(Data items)
[Start of Attachment]

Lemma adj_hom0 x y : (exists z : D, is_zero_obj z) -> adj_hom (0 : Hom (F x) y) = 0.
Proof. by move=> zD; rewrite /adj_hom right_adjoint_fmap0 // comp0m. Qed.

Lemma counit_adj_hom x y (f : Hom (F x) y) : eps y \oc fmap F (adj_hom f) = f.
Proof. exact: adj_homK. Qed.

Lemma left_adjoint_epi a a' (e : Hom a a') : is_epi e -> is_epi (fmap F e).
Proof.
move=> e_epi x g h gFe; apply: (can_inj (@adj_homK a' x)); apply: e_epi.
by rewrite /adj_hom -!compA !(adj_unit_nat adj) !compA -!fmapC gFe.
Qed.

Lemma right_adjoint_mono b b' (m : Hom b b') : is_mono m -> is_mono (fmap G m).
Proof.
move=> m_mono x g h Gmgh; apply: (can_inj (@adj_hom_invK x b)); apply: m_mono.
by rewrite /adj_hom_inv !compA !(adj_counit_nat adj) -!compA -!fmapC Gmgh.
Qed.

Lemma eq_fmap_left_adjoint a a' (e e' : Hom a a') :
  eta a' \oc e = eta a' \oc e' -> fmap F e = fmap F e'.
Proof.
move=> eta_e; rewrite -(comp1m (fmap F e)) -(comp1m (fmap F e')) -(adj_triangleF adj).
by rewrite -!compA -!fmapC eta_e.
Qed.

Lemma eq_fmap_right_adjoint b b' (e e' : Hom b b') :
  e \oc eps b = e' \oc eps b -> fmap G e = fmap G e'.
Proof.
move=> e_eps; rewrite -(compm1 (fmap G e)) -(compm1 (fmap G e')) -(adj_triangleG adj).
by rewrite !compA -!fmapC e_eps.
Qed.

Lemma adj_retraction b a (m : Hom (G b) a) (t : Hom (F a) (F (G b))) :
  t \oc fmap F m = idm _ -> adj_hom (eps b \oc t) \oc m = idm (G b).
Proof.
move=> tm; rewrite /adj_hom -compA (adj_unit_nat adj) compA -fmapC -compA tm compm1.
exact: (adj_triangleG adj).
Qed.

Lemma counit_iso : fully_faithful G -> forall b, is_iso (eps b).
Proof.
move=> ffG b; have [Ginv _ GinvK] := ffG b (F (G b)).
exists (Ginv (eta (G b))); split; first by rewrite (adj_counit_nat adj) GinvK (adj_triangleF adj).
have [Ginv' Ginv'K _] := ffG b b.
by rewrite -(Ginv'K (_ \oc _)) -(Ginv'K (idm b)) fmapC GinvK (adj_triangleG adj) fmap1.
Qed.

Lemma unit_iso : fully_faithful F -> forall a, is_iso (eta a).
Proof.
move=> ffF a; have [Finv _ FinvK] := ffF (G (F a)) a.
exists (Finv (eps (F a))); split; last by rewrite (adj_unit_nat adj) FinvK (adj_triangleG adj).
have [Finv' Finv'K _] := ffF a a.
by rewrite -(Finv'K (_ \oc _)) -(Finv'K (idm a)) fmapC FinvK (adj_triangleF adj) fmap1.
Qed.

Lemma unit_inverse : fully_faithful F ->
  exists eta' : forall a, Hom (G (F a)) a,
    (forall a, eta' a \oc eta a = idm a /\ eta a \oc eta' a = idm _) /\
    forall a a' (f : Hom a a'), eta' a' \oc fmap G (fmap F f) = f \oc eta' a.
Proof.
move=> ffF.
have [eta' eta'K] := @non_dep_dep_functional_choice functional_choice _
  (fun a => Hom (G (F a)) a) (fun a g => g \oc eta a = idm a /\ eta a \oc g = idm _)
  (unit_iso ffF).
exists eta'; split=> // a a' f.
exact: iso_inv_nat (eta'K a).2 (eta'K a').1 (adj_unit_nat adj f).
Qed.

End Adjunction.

[End of Attachment]
[Start of Attachment]

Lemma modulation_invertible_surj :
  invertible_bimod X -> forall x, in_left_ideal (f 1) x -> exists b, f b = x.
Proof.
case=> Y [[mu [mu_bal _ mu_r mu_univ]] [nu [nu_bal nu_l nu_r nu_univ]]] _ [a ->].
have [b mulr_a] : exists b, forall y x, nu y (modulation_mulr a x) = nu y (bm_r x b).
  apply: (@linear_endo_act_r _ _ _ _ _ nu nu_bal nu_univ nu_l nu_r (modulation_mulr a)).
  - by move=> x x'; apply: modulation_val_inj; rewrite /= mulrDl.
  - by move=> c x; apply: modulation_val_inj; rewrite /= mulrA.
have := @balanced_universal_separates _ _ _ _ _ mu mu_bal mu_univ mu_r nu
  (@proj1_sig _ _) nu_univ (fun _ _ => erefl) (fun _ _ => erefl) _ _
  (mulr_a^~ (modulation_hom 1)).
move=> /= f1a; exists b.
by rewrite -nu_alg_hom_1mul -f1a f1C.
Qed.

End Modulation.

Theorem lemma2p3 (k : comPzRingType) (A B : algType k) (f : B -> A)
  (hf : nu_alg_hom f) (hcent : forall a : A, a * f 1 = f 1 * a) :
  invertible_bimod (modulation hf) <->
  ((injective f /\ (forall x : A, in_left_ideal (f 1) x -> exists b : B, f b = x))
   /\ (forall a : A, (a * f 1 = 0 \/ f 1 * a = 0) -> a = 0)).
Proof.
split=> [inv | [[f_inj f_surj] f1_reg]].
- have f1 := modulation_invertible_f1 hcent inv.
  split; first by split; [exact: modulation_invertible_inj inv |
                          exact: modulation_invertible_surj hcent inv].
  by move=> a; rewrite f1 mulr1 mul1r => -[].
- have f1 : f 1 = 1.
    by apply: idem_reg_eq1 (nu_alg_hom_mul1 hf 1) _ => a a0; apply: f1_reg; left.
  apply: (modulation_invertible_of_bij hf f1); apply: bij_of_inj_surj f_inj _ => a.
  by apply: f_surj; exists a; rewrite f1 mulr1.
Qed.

[End of Attachment]

*Your instructions*
Starting with the line with "Proof. exact: adj_homK. Qed." above and going on through the line with "Lemma adj_retraction b", transcribe every line exactly, both ends included, and add nothing.

*Your solution*
Proof. exact: adj_homK. Qed.

Lemma left_adjoint_epi a a' (e : Hom a a') : is_epi e -> is_epi (fmap F e).
Proof.
move=> e_epi x g h gFe; apply: (can_inj (@adj_homK a' x)); apply: e_epi.
by rewrite /adj_hom -!compA !(adj_unit_nat adj) !compA -!fmapC gFe.
Qed.

Lemma right_adjoint_mono b b' (m : Hom b b') : is_mono m -> is_mono (fmap G m).
Proof.
move=> m_mono x g h Gmgh; apply: (can_inj (@adj_hom_invK x b)); apply: m_mono.
by rewrite /adj_hom_inv !compA !(adj_counit_nat adj) -!compA -!fmapC Gmgh.
Qed.

Lemma eq_fmap_left_adjoint a a' (e e' : Hom a a') :
  eta a' \oc e = eta a' \oc e' -> fmap F e = fmap F e'.
Proof.
move=> eta_e; rewrite -(comp1m (fmap F e)) -(comp1m (fmap F e')) -(adj_triangleF adj).
by rewrite -!compA -!fmapC eta_e.
Qed.

Lemma eq_fmap_right_adjoint b b' (e e' : Hom b b') :
  e \oc eps b = e' \oc eps b -> fmap G e = fmap G e'.
Proof.
move=> e_eps; rewrite -(compm1 (fmap G e)) -(compm1 (fmap G e')) -(adj_triangleG adj).
by rewrite !compA -!fmapC e_eps.
Qed.

Lemma adj_retraction b a (m : Hom (G b) a) (t : Hom (F a) (F (G b))) :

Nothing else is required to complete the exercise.